There, in the doorway of the stairwell, he saw the naked Indian girl leaning against the frame, staring, long black hair matted, blood trickling down the insides of her thighs.
The Reverend’s eyes flitted briefly to the console.
The girl nodded, then shivered in pain and slid to her knees.
“Why then do you father your abominations on the poor women your followers steal?” the Reverend called down to the serpent man, to distract him, and to preoccupy his own mind, lest the poor girl be discovered.
Then he saw the red serpent’s plan.
He saw it callously tupping the squealing women. They were only breeding stock. Cattle to incubate its seed and bring forth monsters. Oblivious of any hypocrisy, it had no army to command, so it had decided to father a great horde of these mindless hybrids out of practicality.

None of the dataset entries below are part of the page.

Lemma derivable_pt_lim_sumR n (g : nat -> R -> R) (d : nat -> R) x :
  (forall j, (j < n)%nat -> derivable_pt_lim (g j) x (d j)) ->
  derivable_pt_lim (fun y => sumR n (fun j => g j y)) x (sumR n d).
Proof.
  induction n as [|n IH]; intros Hg; simpl.
  - apply derivable_pt_lim_const.
  - apply (derivable_pt_lim_plus (fun y => sumR n (fun j => g j y)) (g n)).
    + apply IH. intros; apply Hg; lia.
    + apply Hg; lia.
Qed.

Lemma below_cap_le c u v : u <= v -> below_cap c v -> below_cap c u.
Proof. destruct c; simpl; auto. lra. Qed.

Section Deviation.

Variables (n : nat) (l dl : nat -> R -> R) (c : option R) (t x : nat -> R) (i : nat).
Hypothesis two_le_n : (2 <= n)%nat.
Hypothesis l_Lc : forall j, (j < n)%nat -> in_Lc (l j) (dl j).
Hypothesis t_in_T : in_T n l c t.
Hypothesis x_wardrop : wardrop n l t x.
Hypothesis x_pos : forall j, (j < n)%nat -> 0 < x j.
Hypothesis i_lt_n : (i < n)%nat.

Lemma l_incr j : (j < n)%nat -> forall a b, 0 <= a -> a < b -> l j a < l j b.
Proof. intros Hj. apply (l_Lc j Hj). Qed.

Lemma l_deriv j : (j < n)%nat -> forall y, 0 < y -> derivable_pt_lim (l j) y (dl j y).
Proof. intros Hj. apply (l_Lc j Hj). Qed.

Lemma dl_pos j : (j < n)%nat -> 0 < dl j (x j).
Proof.
  intros Hj. destruct (l_Lc j Hj) as [_ [Hincr [Hconv [Hder _]]]].
  apply (convex_increasing_deriv_pos (l j) (x j)); auto.
Qed.

Definition cost_level : R := l i (x i) + t i.

Lemma cost_eq j : (j < n)%nat -> l j (x j) + t j = cost_level.
Proof.
  intros Hj. destruct x_wardrop as [_ [_ Hcost]]. unfold cost_level.
  pose proof (Hcost i j i_lt_n Hj (x_pos i i_lt_n)).
  pose proof (Hcost j i Hj i_lt_n (x_pos j Hj)). lra.
Qed.

(* Deviations of operator [i] are parametrised by the cost level [lam] they induce. *)
Definition rival_flow (lam : R) (j : nat) : R := finv (l j) (lam - t j).

Definition own_flow (lam : R) : R := 1 - sumR_except n i (rival_flow lam).

Definition dev_toll (lam : R) : R := lam - l i (own_flow lam).

Definition dev_profit (lam : R) : R := dev_toll lam * own_flow lam.

Definition dev_flow (lam : R) (j : nat) : R :=
  if Nat.eq_dec j i then own_flow lam else rival_flow lam j.

Definition rival_response : R := sumR_except n i (fun j => / dl j (x j)).

Definition toll_formula : R := (dl i (x i) + / rival_response) * x i.

Lemma rival_flow_level j : (j < n)%nat -> rival_flow cost_level j = x j.
Proof.
  intros Hj. unfold rival_flow. rewrite <- (cost_eq j Hj).
  replace (l j (x j) + t j - t j) with (l j (x j)) by ring.
  apply (finv_f (l j)); auto using l_incr.
Qed.

Lemma rival_flow_near0 :
  near0 (fun h => forall j, (j < n)%nat ->
    0 < rival_flow (cost_level + h) j /\
    l j (rival_flow (cost_level + h) j) = cost_level + h - t j).
Proof.
  apply near0_forall_lt. intros j Hj.
  unfold rival_flow. rewrite <- (cost_eq j Hj).
  apply (near0_impl (fun h => 0 < finv (l j) (l j (x j) + h) /\
                              l j (finv (l j) (l j (x j) + h)) = l j (x j) + h)).
  - intros h. replace (l j (x j) + t j + h - t j) with (l j (x j) + h) by ring. auto.
  - apply (finv_near0 _ (dl j)); auto using l_incr, l_deriv.
Qed.

Lemma derivable_pt_lim_rival_flow j :
  (j < n)%nat -> derivable_pt_lim (fun lam => rival_flow lam j) cost_level (/ dl j (x j)).
Proof.
  intros Hj. replace (/ dl j (x j)) with (/ dl j (x j) * (1 - 0)) by ring.
  apply (derivable_pt_lim_comp (fun lam => lam - t j) (finv (l j))).
  - apply (derivable_pt_lim_minus id (fct_cte (t j))).
    + apply derivable_pt_lim_id.
    + apply derivable_pt_lim_const.
  - rewrite <- (cost_eq j Hj). replace (l j (x j) + t j - t j) with (l j (x j)) by ring.
    apply (derivable_pt_lim_finv _ (dl j)); auto using l_incr, l_deriv.
    apply Rgt_not_eq, dl_pos; auto.
Qed.

Lemma rival_response_pos : 0 < rival_response.
Proof.
  set (k := if Nat.eq_dec i 0 then 1%nat else 0%nat).
  assert (Hk : (k < n)%nat /\ k <> i) by (unfold k; destruct (Nat.eq_dec i 0); lia).
  apply (sumR_pos _ _ k).
  - intros j Hj. destruct (Nat.eq_dec j i); [lra|].
    left; apply Rinv_0_lt_compat, dl_pos; auto.
  - apply Hk.
  - destruct (Nat.eq_dec k i); [lia|]. apply Rinv_0_lt_compat, dl_pos, Hk.
Qed.

Lemma own_flow_level : own_flow cost_level = x i.
Proof.
  destruct x_wardrop as [_ [Hsum _]].
  rewrite (sumR_pick n x i i_lt_n) in Hsum. unfold own_flow.
  rewrite (sumR_except_ext n i _ x); [lra|].
  intros j Hj _. apply rival_flow_level; auto.
Qed.

Lemma derivable_pt_lim_own_flow : derivable_pt_lim own_flow cost_level (- rival_response).
Proof.
  replace (- rival_response) with (0 - rival_response) by ring.
  apply (derivable_pt_lim_minus (fct_cte 1)); [apply derivable_pt_lim_const|].
  apply (derivable_pt_lim_sumR n (fun j lam => if Nat.eq_dec j i then 0 else rival_flow lam j)).
  intros j Hj. destruct (Nat.eq_dec j i).
  - apply derivable_pt_lim_const.
  - apply derivable_pt_lim_rival_flow; auto.
Qed.

Lemma dev_toll_level : dev_toll cost_level = t i.
Proof. unfold dev_toll. rewrite own_flow_level. unfold cost_level. ring. Qed.

Lemma derivable_pt_lim_dev_toll :
  derivable_pt_lim dev_toll cost_level (1 + dl i (x i) * rival_response).
Proof.
  replace (1 + dl i (x i) * rival_response)
    with (1 - dl i (x i) * - rival_response) by ring.
  apply (derivable_pt_lim_minus id); [apply derivable_pt_lim_id|].
  apply (derivable_pt_lim_comp own_flow (l i)); [apply derivable_pt_lim_own_flow|].
  rewrite own_flow_level. apply l_deriv; auto.
Qed.

Lemma derivable_pt_lim_dev_profit :
  derivable_pt_lim dev_profit cost_level (rival_response * (toll_formula - t i)).
Proof.
  pose proof rival_response_pos.
  replace (rival_response * (toll_formula - t i))
    with ((1 + dl i (x i) * rival_response) * own_flow cost_level
          + dev_toll cost_level * - rival_response)
    by (rewrite own_flow_level, dev_toll_level; unfold toll_formula; field; lra).
  apply (derivable_pt_lim_mult dev_toll own_flow).
  - apply derivable_pt_lim_dev_toll.
  - apply derivable_pt_lim_own_flow.
Qed.

Lemma toll_formula_pos : 0 < toll_formula.
Proof.
  unfold toll_formula. pose proof (dl_pos i i_lt_n).
  pose proof (Rinv_0_lt_compat _ rival_response_pos). pose proof (x_pos i i_lt_n). nra.
Qed.

Lemma wardrop_dev_flow lam :
  (forall j, (j < n)%nat -> 0 < rival_flow lam j /\ l j (rival_flow lam j) = lam - t j) ->
  0 <= own_flow lam ->
  wardrop n l (upd t i (dev_toll lam)) (dev_flow lam).
Proof.
  intros Hrival Hown.
  assert (Hcost : forall j, (j < n)%nat -> l j (dev_flow lam j) + upd t i (dev_toll lam) j = lam).
  { intros j Hj. unfold dev_flow, upd, dev_toll. destruct (Nat.eq_dec j i) as [->|].
    - ring.
    - rewrite (proj2 (Hrival j Hj)). ring. }
  split; [|split].
  - intros j Hj. unfold dev_flow. destruct (Nat.eq_dec j i); auto.
    left; apply Hrival; auto.
  - rewrite (sumR_pick n _ i i_lt_n).
    rewrite (sumR_except_ext n i _ (rival_flow lam)).
    + unfold dev_flow, own_flow. destruct (Nat.eq_dec i i); [ring | lia].
    + intros j _ Hji. unfold dev_flow. destruct (Nat.eq_dec j i); [lia | auto].
  - intros j k Hj Hk _. rewrite (Hcost j Hj), (Hcost k Hk). lra.
Qed.

Lemma dev_profit_le_near0 :
  near0 (fun h => 0 <= dev_toll (cost_level + h) -> below_cap c (dev_toll (cost_level + h)) ->
                  dev_profit (cost_level + h) <= t i * x i).
Proof.
  destruct t_in_T as [_ Hbest].
  apply (near0_impl (fun h =>
      (forall j, (j < n)%nat -> 0 < rival_flow (cost_level + h) j /\
                 l j (rival_flow (cost_level + h) j) = cost_level + h - t j) /\
      Rabs (own_flow (cost_level + h) - own_flow cost_level) < x i)).
  - intros h [Hrival Hown] Htoll Hcap.
    rewrite own_flow_level in Hown. apply Rabs_def2 in Hown.
    pose proof (Hbest i _ i_lt_n Htoll Hcap x _ x_wardrop
                  (wardrop_dev_flow _ Hrival ltac:(lra))) as Hle.
    unfold dev_flow in Hle. destruct (Nat.eq_dec i i); [exact Hle | lia].
  - apply near0_and; [apply rival_flow_near0|].
    apply (derivable_pt_lim_near0_close _ _ _ _ derivable_pt_lim_own_flow), x_pos; auto.
Qed.

Lemma dev_profit_slope_near0 :
  near0 (fun h => 0 <= dev_toll (cost_level + h) -> below_cap c (dev_toll (cost_level + h)) ->
                  rival_response * (toll_formula - t i) * h <= 0).
Proof.
  destruct (Req_dec (rival_response * (toll_formula - t i)) 0) as [Hzero|Hslope].
  { exists 1; split; [lra|]. intros h _ _ _ _. rewrite Hzero. lra. }
  refine (near0_impl _ _ _ (near0_and _ _ dev_profit_le_near0
    (derivable_pt_lim_near0_sign _ _ _ derivable_pt_lim_dev_profit Hslope))).
  intros h [Hle [Hup _]] Htoll Hcap.
  destruct (Rle_or_lt (rival_response * (toll_formula - t i) * h) 0) as [|Hpos]; auto.
  specialize (Hup Hpos). specialize (Hle Htoll Hcap).
  unfold dev_profit at 1 in Hup. rewrite dev_toll_level, own_flow_level in Hup. lra.
Qed.

Lemma dev_toll_slope_pos : 0 < 1 + dl i (x i) * rival_response.
Proof. pose proof rival_response_pos. pose proof (dl_pos i i_lt_n). nra. Qed.

Lemma formula_le_toll :
  (match c with Some c0 => t i < c0 | None => True end) -> toll_formula <= t i.
Proof.
  intros Hcap. destruct t_in_T as [Hadm _]. destruct (Hadm i i_lt_n) as [Hti _].
  set (tol := match c with Some c0 => c0 - t i | None => 1 end).
  assert (Htol : 0 < tol) by (unfold tol; destruct c; lra).
  destruct (near0_pos _ (near0_and _ _ dev_profit_slope_near0 (near0_and _ _
     (derivable_pt_lim_near0_sign _ _ _ derivable_pt_lim_dev_toll
        (Rgt_not_eq _ _ dev_toll_slope_pos))
     (derivable_pt_lim_near0_close _ _ _ _ derivable_pt_lim_dev_toll Htol))))
    as [h [Hh [Hslope [[Htoll _] Hclose]]]].
  rewrite dev_toll_level in Htoll, Hclose. apply Rabs_def2 in Hclose.
  assert (Hup : t i < dev_toll (cost_level + h))
    by (apply Htoll; pose proof dev_toll_slope_pos; nra).
  assert (Hnonpos : rival_response * (toll_formula - t i) <= 0).
  { enough (rival_response * (toll_formula - t i) * h <= 0) by nra.
    apply Hslope; [lra|]. unfold tol in Hclose. destruct c; simpl; auto. lra. }
  pose proof rival_response_pos. nra.
Qed.

Lemma toll_le_formula : t i <= toll_formula.
Proof.
  pose proof toll_formula_pos. destruct t_in_T as [Hadm _].
  destruct (Hadm i i_lt_n) as [[Hti|Hti] Hcap]; [|lra].
  destruct (near0_neg _ (near0_and _ _ dev_profit_slope_near0 (near0_and _ _
     (derivable_pt_lim_near0_sign _ _ _ derivable_pt_lim_dev_toll
        (Rgt_not_eq _ _ dev_toll_slope_pos))
     (derivable_pt_lim_near0_close _ _ _ _ derivable_pt_lim_dev_toll Hti))))
    as [h [Hh [Hslope [[_ Htoll] Hclose]]]].
  rewrite dev_toll_level in Htoll, Hclose. apply Rabs_def2 in Hclose.
  assert (Hdown : dev_toll (cost_level + h) < t i)
    by (apply Htoll; pose proof dev_toll_slope_pos; nra).
  assert (Hnonneg : 0 <= rival_response * (toll_formula - t i)).
  { enough (rival_response * (toll_formula - t i) * h <= 0) by nra.
    apply Hslope; [lra|]. apply (below_cap_le c _ (t i)); [lra | auto]. }
  pose proof rival_response_pos. nra.
Qed.

End Deviation.

Theorem mainTheorem4 (n : nat) (l dl : nat -> R -> R) (c : option R)
  (t : nat -> R) :
  (2 <= n)%nat ->
  (forall i, (i < n)%nat -> in_Lc (l i) (dl i)) ->
  (match c with Some c0 => 0 <= c0 | None => True end) ->
  in_T n l c t ->
  forall x : nat -> R, wardrop n l t x ->
  (forall i, (i < n)%nat -> 0 < x i) ->
  forall i, (i < n)%nat ->
    t i = min_cap
      ((dl i (x i) +
        / sumR n (fun j => if Nat.eq_dec j i then 0 else / dl j (x j))) * x i) c.
Proof.
  intros Hn Hl _ Ht x Hx Hxpos i Hi.
  change (t i = min_cap (toll_formula n dl x i) c).
  pose proof (toll_le_formula n l dl c t x i Hn Hl Ht Hx Hxpos Hi) as Hle.
  pose proof (formula_le_toll n l dl c t x i Hn Hl Ht Hx Hxpos Hi) as Hge.
  destruct (proj1 Ht i Hi) as [_ Hcap].
  destruct c as [c0|]; simpl in *.
  - destruct (Rle_lt_or_eq _ _ Hcap) as [Hlt|Heq].
    + rewrite Rmin_left; specialize (Hge Hlt); lra.
    + rewrite Rmin_right; lra.
  - specialize (Hge I). lra.
Qed.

Then it would drive them with the Sign of Yig like hunting hounds into rabbit warrens, into the deep heart of the befouled city of Yoth. Let the corrupted creatures fight it out. Then the red serpent would ride the Amphisbaen into the midst of the city, pull down the crude, blood-soaked basalt altars of Tsathoggua and restore the defiled Yiggian temple. Then further, down into the blue-lit caverns where the toad-god itself dozed in corpulent slothfulness upon hundreds of spindly legs. The red serpent would bring fire to Tsathoggua and its infidels.